Is Writing to &Str[0] Buffer (Of a Std:String) Well-Defined Behaviour in C++11

Is writing to &str[0] buffer (of a std:string) well-defined behaviour in C++11?

Yes, the code is legal in C++11 because the storage for std::string is guaranteed to be contiguous and your code avoids overwriting the terminating NULL character (or value initialized CharT).

From N3337, §21.4.5 [string.access]

 const_reference operator[](size_type pos) const;
 reference operator[](size_type pos);

1 Requires: pos <= size().

2 Returns: *(begin() + pos) if pos < size(). Otherwise, returns a reference to an object of type charT with value charT(), where modifying the object leads to undefined behavior.

Your example satisfies the requirements stated above, so the behavior is well defined.

C++: Safe reading from file with std::string (&str[0]) as a buffer?

std::string allocation is always sequential, at least as of C++11. I believe prior to that it wasn't clearly defined so, but no implementations used non-sequential storage.

You do not need to explicitly add space for a null terminator in std::string.

Are there downsides to using std::string as a buffer?

Don't use std::string as a buffer.

It is bad practice to use std::string as a buffer, for several reasons (listed in no particular order):

• std::string was not intended for use as a buffer; you would need to double-check the description of the class to make sure there are no "gotchas" which would prevent certain usage patterns (or make them trigger undefined behavior).
• As a concrete example: Before C++17, you can't even write through the pointer you get with data() - it's const Tchar *; so your code would cause undefined behavior. (But &(str[0]), &(str.front()), or &(*(str.begin())) would work.)
• Using std::strings for buffers is confusing to readers of your function's definition, who assume you would be using std::string for, well, strings. In other words, doing so breaks the Principle of Least Astonishment.
• Worse yet, it's confusing for whoever might use your function - they too may think what you're returning is a string, i.e. valid human-readable text.
• std::unique_ptr would be fine for your case, or even std::vector. In C++17, you can use std::byte for the element type, too. A more sophisticated option is a class with an SSO-like feature, e.g. Boost's small_vector (thank you, @gast128, for mentioning it).
• (Minor point:) libstdc++ had to change its ABI for std::string to conform to the C++11 standard, so in some cases (which by now are rather unlikely), you might run into some linkage or runtime issues that you wouldn't with a different type for your buffer.

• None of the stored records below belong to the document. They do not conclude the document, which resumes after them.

Lemma left_balancedT j : j < n -> left_balanced j.
Proof.
have step k : k < n -> (0 < k -> right_balanced k.-1) -> left_balanced k.
  move=> kn right_bal; apply/eqP; apply/idP/idP; exact: matched_left_other.
elim: j => [|j IHj] jn; first by apply: step.
have jn' : j < n by lia.
apply: step => // _; have [_ r2] := frag_state_cut jn' (IHj jn') (isT : (2 == 2) || (2 == 3)).
by have [_ r3] := frag_state_cut jn' (IHj jn') (isT : (3 == 2) || (3 == 3)); rewrite /right_balanced r2 r3.
Qed.

Definition code_of : seq nat := [seq frag_state j | j <- iota 0 n].

Lemma nth_code_of j : j < n -> nth 0 code_of j = frag_state j.
Proof. by move=> jn; rewrite /code_of (nth_map 0) ?size_iota // nth_iota. Qed.

Lemma code_of_cut j y : j < n -> (y == 2) || (y == 3) ->
  matched_left j y = (nth 0 code_of j == 4) /\ matched_right j y = (nth 0 code_of j == 5).
Proof. by move=> jn y23; rewrite nth_code_of //; apply: frag_state_cut; rewrite ?left_balancedT. Qed.

Lemma code_of_code : pyr_code n code_of.
Proof.
apply/and3P; split; first by rewrite size_map size_iota.
  by apply/allP => _ /mapP[j _ ->]; apply: cfg_of_lt6.
apply: nth_no_clash => j s5; apply/eqP => s4.
have j1n : j.+1 < n.
  by case: (ltnP j.+1 n) => // j1n; rewrite nth_default ?size_map ?size_iota in s4.
have jn : j < n by lia.
have vert x : x <= 4 * n -> pyr_vert n (x, 2) by rewrite /pyr_vert /=; lia.
have [_ right_j] := code_of_cut jn (isT : (2 == 2) || (2 == 3)).
have [left_j1 _] := code_of_cut j1n (isT : (2 == 2) || (2 == 3)).
move: right_j left_j1; rewrite s5 s4 !eqxx /matched_left /matched_right => /eqP right_j /eqP left_j1.
have e1 : cmate M (4 * j.+1, 2) = (4 * j.+1 + 1, 2) by apply: cmate_sym left_j1; apply: vert; lia.
have e2 : cmate M (4 * j.+1, 2) = (4 * j + 3, 2).
  by apply: cmate_sym; [apply: vert; lia | rewrite right_j; congr pair; lia].
by move: e2; rewrite e1 => -[]; lia.
Qed.

Lemma cmate_code p : pyr_vert n p -> cmate M p = code_mate code_of p.
Proof.
move=> /[dup] Vp /pyr_vertP[[k [y [kn pE y23]]] | [j [v [jn pts_v ->]]]]; last first.
  rewrite code_mate_shift // nth_code_of // -frag_viewE ?left_balancedT //.
  exact: (cmate_shift jn pts_v).1.
rewrite pE code_mate_cut /cut_mate; subst p.
have n_gt0 : 0 < n by case/andP: Vp.
have vert x z : (z == 2) || (z == 3) -> x <= 4 * n -> pyr_vert n (x, z).
  by rewrite /pyr_vert /= => z23 xn; case_bool_hyps; lia.
case: ifP => [s4 | s4].
  have kn' : k < n by apply: (code_index_lt code_of_code); rewrite (eqP s4).
  have [+ _] := code_of_cut kn' y23; rewrite s4 /matched_left.
  by move=> /eqP cE; apply: cmate_sym cE; apply: vert; lia.
case: ifP => [/andP[k_gt0 s5] | s5].
  have kn' : k.-1 < n by lia.
  have [_] := code_of_cut kn' y23; rewrite s5 /matched_right.
  have -> : 4 * k.-1 + 3 = 4 * k - 1 by lia.
  have -> : 4 * k.-1 + 4 = 4 * k by lia.
  by move=> /eqP cE; apply: cmate_sym cE; apply: vert; lia.
case: (pyr_adj_cut y23 (cmate_adj Vp)) => [[kn' cE] | [k_gt0 cE] | //].
  have [+ _] := code_of_cut kn' y23; rewrite s4 /matched_left.
  by rewrite (cmate_sym Vp cE) eqxx.
have kn' : k.-1 < n by lia.
have [_] := code_of_cut kn' y23; rewrite k_gt0 /= in s5; rewrite s5 /matched_right.
have -> : 4 * k.-1 + 3 = 4 * k - 1 by lia.
have -> : 4 * k.-1 + 4 = 4 * k by lia.
by rewrite (cmate_sym Vp cE) eqxx.
Qed.

Lemma perfect_matching_code : exists2 s, pyr_code n s & M = code_matching n s.
Proof.
exists code_of; first exact: code_of_code.
exact: perfect_matching_coordE HM _ cmate_code.
Qed.

End Decode.

(** * The forcing number of a coded matching *)

Definition code_weight (s : seq nat) : nat := sumn (map cfg_weight s).

Lemma code_weight_cons c s : code_weight (c :: s) = cfg_weight c + code_weight s.
Proof. by []. Qed.

Section ForcingSet.
Variables (n : nat) (s : seq nat).
Hypothesis s_code : pyr_code n s.

(* A site is a hexagon whose matching can be switched: the bottom (false) and top (true)
   hexagon of a free fragment, but only one site for a fragment in state 4 or 5. *)
Definition flip_sites : {set 'I_n * bool} := [set p : 'I_n * bool | ~~ p.2 || (nth 0 s p.1 < 4)].

Lemma card_flip_sites : #|flip_sites| = code_weight s.
Proof.
have -> : code_weight s = \sum_(j < n) cfg_weight (nth 0 s j).
  by rewrite /code_weight sumnE big_map (big_nth 0) big_mkord (size_code s_code).
rewrite -sum1_card.
have -> : \sum_(p in flip_sites) 1 = \sum_(j : 'I_n) \sum_(b : bool | ~~ b || (nth 0 s j < 4)) 1.
  by rewrite pair_big_dep /=; apply: eq_bigl => p; rewrite inE.
by apply: eq_bigr => j _; rewrite big_mkcond big_bool /= /cfg_weight; case: ifP.
Qed.

Definition frag_edge (j : nat) (e : (nat * nat) * (nat * nat)) : {set pyr_vertex n} :=
  [set vertex_at n (shift j e.1); vertex_at n (shift j e.2)].

Definition site_edge (p : 'I_n * bool) : {set pyr_vertex n} :=
  frag_edge p.1 (nth ((0, 0), (0, 0)) (cfg_forcing (nth 0 s p.1)) p.2).

Definition forcing_edges : {set {set pyr_vertex n}} := site_edge @: flip_sites.

Lemma site_forcing (p : 'I_n * bool) : p \in flip_sites ->
  nth ((0, 0), (0, 0)) (cfg_forcing (nth 0 s p.1)) p.2 \in cfg_forcing (nth 0 s p.1).
Proof.
rewrite inE => site_p; apply: mem_nth; rewrite size_cfg_forcing ?(code_lt6 s_code) // /cfg_weight.
by case: (p.2) site_p => /= [-> // | _]; case: ifP.
Qed.

Lemma frag_edge_forcing j e : j < n -> e \in cfg_forcing (nth 0 s j) ->
  pyr_vert n (shift j e.1) /\ code_mate s (shift j e.1) = shift j e.2.
Proof.
move=> jn e_forcing; have [pts_e1 <-] := cfg_forcingP (code_lt6 s_code j) e_forcing.
by rewrite shift_vert // code_mate_shift.
Qed.

Lemma frag_edge_site j e : j < n -> e \in cfg_forcing (nth 0 s j) -> frag_edge j e \in forcing_edges.
Proof.
move=> jn e_forcing; set c := nth 0 s j.
have e_idx : index e (cfg_forcing c) < cfg_weight c.
  by rewrite -size_cfg_forcing ?(code_lt6 s_code) // index_mem.
pose b := index e (cfg_forcing c) == 1.
have bE : nat_of_bool b = index e (cfg_forcing c).
  by move: e_idx; rewrite /b /cfg_weight; case: (index e _) => [|[|k]] //=; case: ifP.
apply/imsetP; exists (Ordinal jn, b).
  by rewrite inE /= -/c /b; move: e_idx; rewrite /cfg_weight; case: ifP => _; case: (index e _) => [|[|k]].
by rewrite /site_edge /= -/c bE nth_index.
Qed.

Lemma forcing_edges_sub : forcing_edges \subset code_matching n s.
Proof.
apply/subsetP => _ /imsetP[p site_p ->].
have [Vp mateE] := frag_edge_forcing (ltn_ord p.1) (site_forcing site_p).
rewrite /site_edge /frag_edge -mateE.
exact: coord_matching_mem.
Qed.

Lemma forcing_edges_force s' : pyr_code n s' -> forcing_edges \subset code_matching n s' -> s' = s.
Proof.
move=> s'_code sub_s'; apply: (@eq_from_nth _ 0); first by rewrite (size_code s_code) (size_code s'_code).
move=> j; rewrite (size_code s'_code) => jn.
apply: cfg_forcing_uniq; rewrite ?(code_lt6 s_code) ?(code_lt6 s'_code) //.
apply/allP => e e_forcing; have [Ve1 mate_e1] := frag_edge_forcing jn e_forcing.
have Ve2 : pyr_vert n (shift j e.2) by rewrite -mate_e1 (mate_map_vert (code_mate_map s_code)).
have := mem_coord_matching (code_mate_map s'_code) Ve1 Ve2 (subsetP sub_s' _ (frag_edge_site jn e_forcing)).
by rewrite code_mate_shift ?(cfg_forcingP (code_lt6 s_code j) e_forcing).1 // => /(can_inj (shiftK j)) ->.
Qed.

Lemma card_forcing_edges : #|forcing_edges| <= code_weight s.
Proof. by rewrite -card_flip_sites leq_imset_card. Qed.

End ForcingSet.

Lemma code_matching_inj n s1 s2 : pyr_code n s1 -> pyr_code n s2 ->
  code_matching n s1 = code_matching n s2 -> s1 = s2.
Proof.
move=> s1_code s2_code E; apply: (forcing_edges_force s2_code s1_code).
by rewrite E forcing_edges_sub.
Qed.

Section Flips.
Variables (n : nat) (s : seq nat).
Hypothesis s_code : pyr_code n s.

Definition flip_code (p : 'I_n * bool) : seq nat :=
  set_nth 0 s p.1 (cfg_flip (nth 0 s p.1) p.2).

Lemma nth_flip_code (p : 'I_n * bool) i :
  nth 0 (flip_code p) i = if i == p.1 then cfg_flip (nth 0 s p.1) p.2 else nth 0 s i.
Proof. by rewrite /flip_code nth_set_nth. Qed.

Lemma flip_code_code p : pyr_code n (flip_code p).
Proof.
have [_ flip_lt4] := cfg_flipP p.2 (code_lt6 s_code p.1).
apply/and3P; split.
- by rewrite size_set_nth (size_code s_code); apply/eqP/maxn_idPr; apply: ltn_ord.
- by apply/(all_nthP 0) => i _; rewrite nth_flip_code; case: ifP; rewrite ?(code_lt6 s_code) //; lia.
- apply: nth_no_clash => i; rewrite !nth_flip_code.
  case: ifP => [_ | _]; first by lia.
  by case: ifP => [_ _ | _ /(code_no_clash s_code)]; first lia.
Qed.

Lemma flip_code_neq p : code_matching n (flip_code p) != code_matching n s.
Proof.
apply/eqP => /(code_matching_inj (flip_code_code p) s_code) /(congr1 (nth 0 ^~ p.1)).
rewrite nth_flip_code eqxx => flipE.
by have [/eqP] := cfg_flipP p.2 (code_lt6 s_code p.1).
Qed.

Definition in_zone (p : 'I_n * bool) (a : nat * nat) : bool :=
  (4 * p.1 <= a.1 <= 4 * p.1 + 4) && flip_zone (nth 0 s p.1) p.2 (unshift p.1 a).

Lemma flip_code_zone_shift p j v : v \in frag_pts ->
  code_mate (flip_code p) (shift j v) != code_mate s (shift j v) -> in_zone p (shift j v).
Proof.
move=> pts_v; rewrite !code_mate_shift // nth_flip_code.
case: ifP => [/eqP-> | _]; last by rewrite eqxx.
rewrite (inj_eq (can_inj (shiftK _))) eq_sym => /(flip_zoneP (code_lt6 s_code _) pts_v) zone_v.
rewrite /in_zone shiftK zone_v andbT /shift /= leq_addr leq_add2l.
by move: pts_v; case: v {zone_v} => r y; rewrite mem_frag_pts /=; lia.
Qed.

Lemma flip_code_zone_cut p k y : (y == 2) || (y == 3) ->
  code_mate (flip_code p) (4 * k, y) != code_mate s (4 * k, y) -> in_zone p (4 * k, y).
Proof.
move=> y23; rewrite !code_mate_cut /cut_mate !nth_flip_code.
have [_ flip_lt4] := cfg_flipP p.2 (code_lt6 s_code p.1).
have flip_n4 : cfg_flip (nth 0 s p.1) p.2 != 4 by lia.
have flip_n5 : cfg_flip (nth 0 s p.1) p.2 != 5 by lia.
have [kp | kp] := eqVneq k p.1.
  subst k; rewrite (negbTE flip_n4).
  have [s4 _ | _] := eqVneq (nth 0 s p.1) 4.
    by rewrite /in_zone /unshift /= s4 subnn /flip_zone /= leqnn leq_addr y23.
  case: (posnP p.1) => [_ | p_gt0]; first by rewrite /= eqxx.
  have /negbTE-> : p.1.-1 != p.1 by lia.
  by rewrite eqxx.
case: ifP => [_ | s4]; first by rewrite eqxx.
have [k1p | k1p] := eqVneq k.-1 p.1; last by rewrite eqxx.
rewrite (negbTE flip_n5) andbF.
case: ifP => [/andP[k_gt0 /eqP s5] _ | _]; last by rewrite eqxx.
rewrite /in_zone /unshift /= -k1p s5 /flip_zone /= y23 andbT.
by lia.
Qed.

Lemma flip_code_zone p a : pyr_vert n a -> code_mate (flip_code p) a != code_mate s a -> in_zone p a.
Proof.
case/pyr_vertP => [[k [y [_ -> y23]]] | [j [v [_ pts_v ->]]]].
  exact: flip_code_zone_cut.
exact: flip_code_zone_shift.
Qed.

_{Also, your code may make two instead of one heap allocations (implementation dependent): Once upon string construction and another when resize()ing. But that in itself is not really a reason to avoid std::string, since you can avoid the double allocation using the construction in @Jarod42's answer.}

Directly write into char* buffer of std::string

C++98/03

Impossible. String can be copy on write so it needs to handle all reads and writes.

C++11/14

In [string.require]:

The char-like objects in a basic_string object shall be stored contiguously. That is, for any basic_string
object s, the identity &*(s.begin() + n) == &*s.begin() + n shall hold for all values of n such that 0 <= n < s.size().

So &str.front() and &str[0] should work.

C++17

str.data(), &str.front() and &str[0] work.

Here it says:

charT* data() noexcept;

Returns: A pointer p such that p + i == &operator[](i) for each i in [0, size()].

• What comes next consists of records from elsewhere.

Lemma big_sig_val (R : Type) (idx : R) (op : Monoid.com_law idx)
    (T : finType) (P : pred T) (F : T -> R) :
  \big[op/idx]_(x : {x | P x}) F (val x) = \big[op/idx]_(t | P t) F t.
Proof.
rewrite (reindex_omap (val : {x | P x} -> T) insub); last first.
  by move=> i Pi; rewrite insubT.
apply: eq_bigl => -[i iP] /=; rewrite iP insubT /=.
by apply/esym/eqP; congr Some; apply: val_inj; rewrite /= SubK.
Qed.

Section SubsetMoebius.
Variables (N : finType) (R : pzRingType).
Implicit Types (g h : {set N} -> R) (K L P : {set N}).

Lemma sum_setU1 (a : N) (Q : pred {set N}) (F : {set N} -> R) :
  \sum_(T : {set N} | Q T && (a \in T)) F T = \sum_(L : {set N} | Q (a |: L) && (a \notin L)) F (a |: L).
Proof.
rewrite (reindex_onto (fun L => a |: L) (fun T => T :\ a)); last first.
  by move=> T /andP[_ aT]; rewrite setD1K.
apply: eq_bigl => L; rewrite setU11 andbT; congr (_ && _).
case aL: (a \in L) => /=; last by rewrite setU1K ?aL ?eqxx.
by apply/negbTE/eqP => /setP/(_ a); rewrite !inE eqxx aL.
Qed.

Lemma sum_subsets_split (c : N) P (f : {set N} -> R) : c \in P ->
  \sum_(K : {set N} | K \subset P) f K = \sum_(J : {set N} | J \subset P :\ c) (f J + f (c |: J)).
Proof.
move=> cP; rewrite big_split /= addrC (bigID (fun K : {set N} => c \in K)) /=; congr (_ + _).
  rewrite sum_setU1; apply: eq_bigl => J.
  by rewrite subUset sub1set cP /= subsetD1.
by apply: eq_bigl => J; rewrite subsetD1.
Qed.

Definition moebius g L : R :=
  \sum_(K : {set N} | K \subset L) (-1) ^+ (#|L| - #|K|) * g K.

Lemma eq_moebius g h L :
  (forall K, K \subset L -> g K = h K) -> moebius g L = moebius h L.
Proof. by move=> e; apply: eq_bigr => K KL; rewrite e. Qed.

Lemma moebiusB g h L : moebius (fun K => g K - h K) L = moebius g L - moebius h L.
Proof. by rewrite /moebius -sumrB; apply: eq_bigr => K _; rewrite mulrBr. Qed.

Complexity: Constant time.

Requires: The program shall not alter the value stored at p + size().

The non-const .data() just works.

The recent draft has the following wording for .front():

const charT& front() const;

charT& front();

Requires: !empty().

Effects: Equivalent to operator[](0).

And the following for operator[]:

const_reference operator[](size_type pos) const;

reference operator[](size_type pos);

Requires: pos <= size().

Returns: *(begin() + pos) if pos < size(). Otherwise, returns a reference to an object of type charT with value charT(), where modifying the object leads to undefined behavior.

Throws: Nothing.

Complexity: Constant time.

So it uses iterator arithmetic. so we need to inspect the information about iterators. Here it says:

3 A basic_string is a contiguous container ([container.requirements.general]).

So we need to go here:

A contiguous container is a container that supports random access iterators ([random.access.iterators]) and whose member types iterator and const_iterator are contiguous iterators ([iterator.requirements.general]).

Then here:

Iterators that further satisfy the requirement that, for integral values n and dereferenceable iterator values a and (a + n), *(a + n) is equivalent to *(addressof(*a) + n), are called contiguous iterators.

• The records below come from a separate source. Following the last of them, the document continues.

Lemma complete_square (F : fieldType) (L P Q s : F) (A B : {poly F}) :
  L + P != 0 -> s ^+ 2 = L ^+ 2 - P ^+ 2 - Q ^+ 2 ->
  (2 * (L + P)) *: (A - (Q / (L + P)) *: B) ^+ 2
    + (2 * (L + P)) *: ((s / (L + P)) *: B) ^+ 2
  = (2 * (L + P)) *: A ^+ 2 - (4 * Q) *: (A * B) + (2 * (L - P)) *: B ^+ 2.
Proof.
move=> nzLP s2; rewrite -!mul_polyC.
set a := L + P; set t := Q / a; set s' := s / a.
transitivity ((2 * a)%:P * A ^+ 2 - (2 * (2 * a * t))%:P * (A * B)
              + (2 * a * (t ^+ 2 + s' ^+ 2))%:P * B ^+ 2); first ring.
congr (_ - _%:P * _ + _%:P * _); first by rewrite /t; field.
by rewrite /t /s' !expr_div_n s2 /a; field.
Qed.

Lemma half_mul2n h : ((2 * h)./2 = h)%N.
Proof. by rewrite mul2n doubleK. Qed.

Lemma uphalf_mul2n h : (uphalf (2 * h) = h)%N.
Proof. by rewrite mul2n uphalf_double. Qed.

Lemma sum_ord_pairs (V : nmodType) (N k M : nat) (F : nat -> V) :
    N = (k + M.*2)%N ->
  \sum_(j < N) F j
  = \sum_(j < k) F j + \sum_(h < M) (F (k + 2 * h)%N + F (k + 2 * h).+1).
Proof.
move=> ->; rewrite big_split_ord /=; congr (_ + _).
elim: M => [|M IH]; first by rewrite !big_ord0.
rewrite doubleS !big_ord_recr /= IH -addrA; congr (_ + (F _ + F _)); lia.
Qed.

HB.instance Definition _ (R : realType) :=
  GRing.RMorphism.copy (@polyRC R) (map_poly (real_complex R)).

Section RealImaginaryParts.
Variable R : realType.
Local Notation C := R[i].
Implicit Types (p : {poly R}) (v : {poly C}).

Lemma coef_polyRC p j : (polyRC p)`_j = real_complex R p`_j.
Proof. exact: coef_map. Qed.

Lemma polyRCC (c : R) : polyRC c%:P = (real_complex R c)%:P.
Proof. exact: map_polyC. Qed.

Lemma polyRCZ (c : R) p : polyRC (c *: p) = real_complex R c *: polyRC p.
Proof. exact: map_polyZ. Qed.

Lemma conj_polyRC p : map_poly conjc (polyRC p) = polyRC p.
Proof. by apply/polyP => j; rewrite coef_map /= coef_polyRC conjc_real. Qed.

Lemma horner_polyRC_conj p (z : C) : (polyRC p).[conjc z] = conjc (polyRC p).[z].
Proof. by rewrite -{1}conj_polyRC horner_map. Qed.

Lemma polyReIm v : v = polyRC (polyRe v) + ('i%C)%:P * polyRC (polyIm v).
Proof.
apply/polyP => j; rewrite coefD coefCM !coef_polyRC !coef_map_id0 //.
exact: complexE.
Qed.

Lemma conj_polyReIm v :
  map_poly conjc v = polyRC (polyRe v) - ('i%C)%:P * polyRC (polyIm v).
Proof.
apply/polyP => j; rewrite coefB coefCM !coef_polyRC coef_map_id0 ?conjc0 // !coef_map_id0 //.
by case: (v`_j) => a b /=; simpc.
Qed.

Lemma mulcii : 'i%C * 'i%C = -1 :> C.
Proof. by rewrite -expr2 sqr_i. Qed.

Lemma horner_polyRC_polyRe v (z : C) :
  (polyRC (polyRe v)).[z] = 2^-1 * (v.[z] + (map_poly conjc v).[z]).
Proof.
rewrite {2}[v]polyReIm conj_polyReIm !(hornerD, hornerN, hornerCM).
by field.
Qed.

Apparently, contiguous iterators are a C++17 feature which was added in these papers.

The requirement can be rewritten as:

assert(*(a + n) == *(&*a + n));

So, in the second part we dereference iterator, then take address of the value it points to, then do a pointer arithmetic on it, dereference it and it's the same as incrementing an iterator and then dereferencing it. This means that contiguous iterator points to the memory where each value stored right after the other, hence contiguous. Since functions that take char* expect contiguous memory, you can pass the result of &str.front() or &str[0] to these functions.

Is it safe to use std::string::c_str() to modify the underlying std::string?

The reference for c_str that you cited is quite clear on the matter:

The program shall not modify any of the values stored in the character array; otherwise, the behavior is undefined.

The fact that it happens to work doesn't mean anything. Undefined behavior means the program could do the "right" thing if it wants to.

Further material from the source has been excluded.